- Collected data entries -

------------

Lemma complete_period_sums (q d : Z) (m : nat) : (1 <= q)%Z ->
  sumR (map (fun w => cos (phase q d w)) (rng (m * Z.to_nat q))) =
    (if (Z.rem d q =? 0)%Z then INR (m * Z.to_nat q) else 0) /\
  sumR (map (fun w => sin (phase q d w)) (rng (m * Z.to_nat q))) = 0.
Proof.
  intros Hq. unfold rng. rewrite !map_map.
  assert (Hq' : IZR q <> 0) by (apply not_0_IZR; lia).
  destruct (Z.eqb_spec (Z.rem d q) 0) as [Hd|Hd].
  - (* every phase is a multiple of 2 pi *)
    apply Z.rem_divide in Hd; [|lia]. destruct Hd as [e ->].
    assert (Hint : forall i : nat,
              phase q (e * q) (Z.of_nat i) = 0 + 2 * PI * IZR (e * Z.of_nat i)).
    { intro i. unfold phase. rewrite !mult_IZR. field. auto. }
    split.
    + rewrite (sumR_ext _ (fun _ => 1)) by (intros i _; rewrite Hint, cos_period_Z; apply cos_0).
      rewrite sumR_const, length_seq. ring.
    + rewrite (sumR_ext _ (fun _ => 0)) by (intros i _; rewrite Hint, sin_period_Z; apply sin_0).
      rewrite sumR_const. ring.
  - (* a progression of ratio e(d/q) <> 1 over whole periods telescopes to 0 *)
    set (x := PI * IZR d / IZR q).
    assert (Hs : 2 * sin x <> 0) by (pose proof (sin_phase_nonzero q d Hq Hd); fold x in H; lra).
    assert (Hterm : forall i : nat, phase q d (Z.of_nat i) = 2 * INR i * x).
    { intro i. unfold phase, x. rewrite mult_IZR, <- INR_IZR_INZ. field. auto. }
    assert (Hend : (2 * INR (m * Z.to_nat q) + 1) * x = x + 2 * PI * IZR (Z.of_nat m * d)).
    { unfold x. rewrite mult_INR, mult_IZR, <- INR_IZR_INZ, (INR_IZR_INZ (Z.to_nat q)),
        Z2Nat.id by lia. field. auto. }
    split; apply (Rmult_eq_reg_l (2 * sin x)); auto.
    + rewrite (sumR_ext _ (fun i => cos (2 * INR i * x))) by (intros i _; now rewrite Hterm).
      rewrite telescope_cos, Hend, sin_period_Z. ring.
    + rewrite (sumR_ext _ (fun i => sin (2 * INR i * x))) by (intros i _; now rewrite Hterm).
      rewrite telescope_sin, Hend, cos_period_Z. ring.
Qed.

(* The twisted sum G(w) = Re sum_{(u, v, c) in As} (u - i v) e(c w / q). *)
Definition twisted_sum (q : Z) (As : list (R * R * Z)) (w : Z) : R :=
  sumR (map (fun al => fst (fst al) * cos (phase q (snd al) w)
                     + snd (fst al) * sin (phase q (snd al) w)) As).

Definition collisions (q : Z) (As : list (R * R * Z)) : R :=
  sumR (map (fun a1 => sumR (map (fun a2 => indb (Z.rem (snd a1 - snd a2) q =? 0)%Z) As)) As).

(* Mean square of a twisted sum with coefficients of modulus <= 1 over m complete
   periods: expanding |sum|^2 and using [complete_period_sums], only the pairs of
   frequencies congruent modulo q survive. *)
Lemma mean_square_complete_periods q As m : (1 <= q)%Z ->
  (forall al, In al As -> fst (fst al) ^ 2 + snd (fst al) ^ 2 <= 1) ->
  sumR (map (fun w => twisted_sum q As w ^ 2) (rng (m * Z.to_nat q))) <=
  INR (m * Z.to_nat q) * collisions q As.
Proof.
  intros Hq HAs.
  (* the imaginary part, which only adds to the mean square *)
  set (K := fun w => sumR (map (fun al => fst (fst al) * sin (phase q (snd al) w)
                                        - snd (fst al) * cos (phase q (snd al) w)) As)).
  set (T := fun (a1 a2 : R * R * Z) (w : Z) =>
     (fst (fst a1) * fst (fst a2) + snd (fst a1) * snd (fst a2)) * cos (phase q (snd a1 - snd a2) w)
     + (snd (fst a1) * fst (fst a2) - fst (fst a1) * snd (fst a2)) * sin (phase q (snd a1 - snd a2) w)).
  assert (Hexpand : forall w, twisted_sum q As w ^ 2 + K w ^ 2 =
            sumR (map (fun a1 => sumR (map (fun a2 => T a1 a2 w) As)) As)).
  { intro w. unfold twisted_sum, K. rewrite <- !Rsqr_pow2. unfold Rsqr.
    rewrite !sumR_mult, <- sumR_plus. apply sumR_ext. intros a1 _.
    rewrite <- sumR_plus. apply sumR_ext. intros a2 _.
    unfold T. rewrite <- !phase_sub by lia. rewrite cos_minus, sin_minus. ring. }
  apply Rle_trans with (sumR (map (fun w => twisted_sum q As w ^ 2 + K w ^ 2) (rng (m * Z.to_nat q)))).
  { apply sumR_le. intros w _. pose proof (pow2_ge_0 (K w)). lra. }
  rewrite (sumR_ext _ _ _ (fun w _ => Hexpand w)).
  unfold collisions. rewrite sumR_swap, <- sumR_scal. apply sumR_le. intros a1 Ha1.
  rewrite sumR_swap, <- sumR_scal. apply sumR_le. intros a2 Ha2.
  unfold T. rewrite sumR_plus, !sumR_scal.
  destruct (complete_period_sums q (snd a1 - snd a2) m Hq) as [-> ->].
  destruct (Z.rem (snd a1 - snd a2) q =? 0)%Z; simpl; [|lra].
  pose proof (HAs a1 Ha1). pose proof (HAs a2 Ha2). pose proof (pos_INR (m * Z.to_nat q)).
  pose proof (pow2_ge_0 (fst (fst a1) - fst (fst a2))).
  pose proof (pow2_ge_0 (snd (fst a1) - snd (fst a2))).
  assert (fst (fst a1) * fst (fst a2) + snd (fst a1) * snd (fst a2) <= 1) by nra.
  nra.
Qed.

Lemma tuples_in (P : list Z) j t :
  In t (tuples P j) -> length t = j /\ forall p, In p t -> In p P.
Proof.
  revert t; induction j as [|j IH]; intros t Ht; simpl in Ht.
  - destruct Ht as [<-|[]]. split; [reflexivity|]. intros p [].
  - apply in_flat_map in Ht as [x [Hx Ht]]. apply in_map_iff in Ht as [t' [<- Ht']].
    apply IH in Ht' as [Hl Hin]. simpl; split; [lia|]. intros p [<-|Hp]; auto.
Qed.

Lemma tuples_length (P : list Z) j : length (tuples P j) = (length P ^ j)%nat.
Proof.
  induction j as [|j IH]; [reflexivity|]. cbn [tuples].
  assert (Hfm : forall l : list Z,
            length (flat_map (fun x => map (cons x) (tuples P j)) l) = (length l * length (tuples P j))%nat).
  { induction l as [|x l IHl]; [reflexivity|]. simpl. rewrite length_app, length_map, IHl. lia. }
  rewrite Hfm, IH. simpl. lia.
Qed.

Lemma tuples_split (P : list Z) (F : list Z -> R) j s :
  sumR (map F (tuples P (j + s))) =
  sumR (map (fun x => sumR (map (fun y => F (x ++ y)) (tuples P s))) (tuples P j)).
Proof.
  revert F. induction j as [|j IH]; intros F.
  - simpl. now rewrite sumR_cons, sumR_nil, Rplus_0_r.
  - cbn [Nat.add tuples]. rewrite !sumR_flat_map. apply sumR_ext. intros p _.
    rewrite !map_map. apply (IH (fun t => F (p :: t))).
Qed.

Lemma prodZ_app x y : prodZ (x ++ y) = (prodZ x * prodZ y)%Z.
Proof.
  induction x as [|p x IH]; [symmetry; apply Z.mul_1_l|].
  change (p * prodZ (x ++ y) = p * prodZ x * prodZ y)%Z. rewrite IH. ring.
Qed.

Lemma prodZ_pos t : (forall p, In p t -> 1 <= p)%Z -> (1 <= prodZ t)%Z.
Proof.
  induction t as [|p t IH]; intros H; cbn [prodZ fold_right] in *; [lia|].
  assert (1 <= p)%Z by (apply H; left; auto).
  assert (1 <= fold_right Z.mul 1 t)%Z by (apply IH; intros; apply H; right; auto). nia.
Qed.

Lemma prodZ_le t B : (forall p, In p t -> 1 <= p <= B)%Z -> (prodZ t <= B ^ Z.of_nat (length t))%Z.
Proof.
  induction t as [|p t IH]; intros H; [simpl; lia|].
  change (prodZ (p :: t)) with (p * prodZ t)%Z. cbn [length].
  rewrite Nat2Z.inj_succ, Z.pow_succ_r by lia.
  assert (1 <= p <= B)%Z by (apply H; left; auto).
  assert (prodZ t <= B ^ Z.of_nat (length t))%Z by (apply IH; intros; apply H; right; auto).
  assert (1 <= prodZ t)%Z by (apply prodZ_pos; intros; apply H; right; auto). nia.
Qed.

Lemma prodZ_tuple_bounds (P : list Z) (B : Z) j x :
  (forall p, In p P -> 1 <= p <= B)%Z -> In x (tuples P j) ->
  (1 <= prodZ x <= B ^ Z.of_nat j)%Z.
Proof.
  intros HP Hx. destruct (tuples_in _ _ _ Hx) as [Hl Hin]. split.
  - apply prodZ_pos. intros p Hp. now apply HP, Hin.
  - rewrite <- Hl. apply prodZ_le. intros p Hp. now apply HP, Hin.
Qed.

Lemma prod_lower_bound (N : R) F : 0 <= N / 2 -> (forall p, In p F -> N / 2 <= IZR p) ->
  (N / 2) ^ length F <= IZR (prodZ F).
Proof.
  induction F as [|p F IH]; intros H0 H; [simpl; lra|].
  change (prodZ (p :: F)) with (p * prodZ F)%Z. cbn [length pow]. rewrite mult_IZR.
  apply Rmult_le_compat; auto.
  - apply pow_le; auto.
  - apply H; left; auto.
  - apply IH; auto. intros; apply H; right; auto.
Qed.

Definition dvdb (d z : Z) : bool := Z.eqb (Z.rem z d) 0.

Lemma dvdb_spec d z : (d <> 0)%Z -> (dvdb d z = true <-> (d | z)%Z).
Proof. intros H. unfold dvdb. rewrite Z.eqb_eq. now apply Z.rem_divide. Qed.

Lemma prime_rel_prime_prod a F : prime a -> (forall p, In p F -> prime p) -> ~ In a F ->
  rel_prime a (prodZ F).
Proof.
  intros Ha. induction F as [|b F IH]; intros HF Hn.
  - apply rel_prime_sym, rel_prime_1.
  - change (prodZ (b :: F)) with (b * prodZ F)%Z. apply rel_prime_mult.
    + apply prime_rel_prime; auto. intro Hd. apply Hn. left.
      symmetry. apply prime_div_prime; auto. apply HF; left; auto.
    + apply IH; [intros; apply HF; right; auto | intro; apply Hn; right; auto].
Qed.

Lemma prod_distinct_primes_divides z F : NoDup F ->
  (forall p, In p F -> prime p /\ (p | z)%Z) -> (prodZ F | z)%Z.
Proof.
  induction 1 as [|a F Ha HF IH]; intros H.
  - apply Z.divide_1_l.
  - change (prodZ (a :: F)) with (a * prodZ F)%Z.
    destruct (H a (or_introl eq_refl)) as [Hpa Hda].
    destruct IH as [w Hw]; [intros; apply H; right; auto|].
    assert (Hrel : rel_prime a (prodZ F))
      by (apply prime_rel_prime_prod; auto; intros; apply H; right; auto).
    assert (Hw' : (a | prodZ F * w)%Z) by (rewrite Z.mul_comm, <- Hw; auto).
    apply Gauss in Hw' as [v Hv]; auto. exists v. rewrite Hw, Hv. ring.
Qed.

Lemma pow_half_gt (N : R) (D : nat) : 2 ^ S D < N -> N ^ D < (N / 2) ^ S D.
Proof.
  intros H. assert (H2 : 0 < 2 ^ S D) by (apply pow_lt; lra).
  assert (HND : 0 < N ^ D) by (apply pow_lt; lra).
  assert (E : (N / 2) ^ S D * 2 ^ S D = N * N ^ D).
  { rewrite <- Rpow_mult_distr. replace (N / 2 * 2) with N by field. reflexivity. }
  apply (Rmult_lt_reg_r (2 ^ S D)); [lra|]. rewrite E. nra.
Qed.

(* An integer 1 <= z <= N^D has at most D distinct prime divisors >= N/2, provided
   2^(D+1) < N: otherwise the product of D + 1 of them would exceed N^D. *)
Lemma few_large_prime_divisors (P : list Z) (N : R) (D : nat) z :
  NoDup P -> (forall p, In p P -> prime p /\ N / 2 <= IZR p) ->
  (1 <= z)%Z -> IZR z <= N ^ D -> 2 ^ (D + 1) < N ->
  (length (filter (fun p => dvdb p z) P) <= D)%nat.
Proof.
  intros HPnd HP Hz HzN H2. rewrite Nat.add_1_r in H2.
  set (F := filter (fun p => dvdb p z) P).
  assert (HF : forall p, In p F -> prime p /\ N / 2 <= IZR p /\ (p | z)%Z).
  { intros p Hp. apply filter_In in Hp as [Hp E]. destruct (HP p Hp) as [Hpr Hle].
    pose proof (prime_ge_2 p Hpr). split; [|split]; auto. apply dvdb_spec in E; auto; lia. }
  assert (Hd : (prodZ F | z)%Z).
  { apply prod_distinct_primes_divides; [now apply NoDup_filter|].
    intros p Hp; destruct (HF p Hp) as [? [? ?]]; auto. }
  assert (HN2 : 1 <= N / 2).
  { assert (2 <= 2 ^ S D) by (simpl; pose proof (pow_R1_Rle 2 D ltac:(lra)); lra). lra. }
  assert (Hlow : (N / 2) ^ length F <= IZR z).
  { apply Rle_trans with (IZR (prodZ F)).
    - apply prod_lower_bound; [lra|]. intros p Hp; apply HF; auto.
    - apply IZR_le, Z.divide_pos_le; auto; lia. }
  destruct (Nat.le_gt_cases (length F) D) as [|Hgt]; auto. exfalso.
  assert ((N / 2) ^ S D <= (N / 2) ^ length F) by (apply Rle_pow; [exact HN2| lia]).
  pose proof (pow_half_gt N D H2). lra.
Qed.
Lemma indep_nzr a b : indep a b -> b != 0.
Proof. by move/indep_sym/indep_nzl. Qed.

Lemma dep_multiple c d : c != 0 -> ~ indep c d -> exists g, d = g *: c.
Proof.
move=> Hc Dcd; apply: NNPP => Nmul; apply: Dcd => x y E.
case: (eqVneq y 0) => [y0|Hy].
  by move: E; rewrite y0 scale0r addr0 => /eqP; rewrite scaler_eq0 (negPf Hc) orbF => /eqP.
case: Nmul; exists (- x / y); apply: (scalerI Hy); rewrite scalerA mulrCA mulfV // mulr1.
by rewrite scaleNr; apply/eqP; rewrite -addr_eq0 addrC E.
Qed.

Lemma indep_with_pair c x0 x1 : c != 0 -> indep x0 x1 -> indep c x0 \/ indep c x1.
Proof.
move=> Hc I01; apply: NNPP => /not_or_and [D0 D1].
have [g0 E0] := dep_multiple Hc D0; have [g1 E1] := dep_multiple Hc D1.
have [|_ /eqP] := I01 g1 (- g0).
  by rewrite E0 E1 !scalerA -scalerDl mulrC mulNr addrN scale0r.
rewrite oppr_eq0 => /eqP g00; case/eqP: (indep_nzl I01).
by rewrite E0 g00 scale0r.
Qed.

Lemma plane_through (P : V -> Prop) (x0 x1 w1 w2 : V) :
  (forall v (a : K), P v -> P (a *: v)) -> P x0 -> P x1 -> P w1 -> P w2 ->
  indep x0 x1 ->
  exists g h (al1 be1 al2 be2 : K), [/\ indep g h, P g, P h,
     w1 = al1 *: g + be1 *: h & w2 = al2 *: g + be2 *: h].
Proof.
move=> Pscale P0 P1 Pw1 Pw2 I01.
case: (classic (indep w1 w2)) => [Iw|Dw].
  by exists w1, w2, 1, 0, 0, 1; rewrite !scale1r !scale0r addr0 add0r.
have [c [s1 [s2 [Pc E1 E2]]]] : exists c (s1 s2 : K), [/\ P c, w1 = s1 *: c & w2 = s2 *: c].
  case: (eqVneq w1 0) => [w10|Hw1]; first by exists w2, 0, 1; rewrite scale1r scale0r.
  by have [g Eg] := dep_multiple Hw1 Dw; exists w1, 1, g; rewrite scale1r.
case: (eqVneq c 0) => [c0|Hc].
  by exists x0, x1, 0, 0, 0, 0; rewrite E1 E2 c0 !scaler0 !scale0r addr0.
have [Ic|Ic] := indep_with_pair Hc I01.
  by exists c, x0, s1, 0, s2, 0; rewrite scale0r !addr0.
by exists c, x1, s1, 0, s2, 0; rewrite scale0r !addr0.
Qed.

------------

- Required work -
What lines in the entries contain "over"? Report each one by copying it.

- Response -
  - (* a progression of ratio e(d/q) <> 1 over whole periods telescopes to 0 *)
(* Mean square of a twisted sum with coefficients of modulus <= 1 over m complete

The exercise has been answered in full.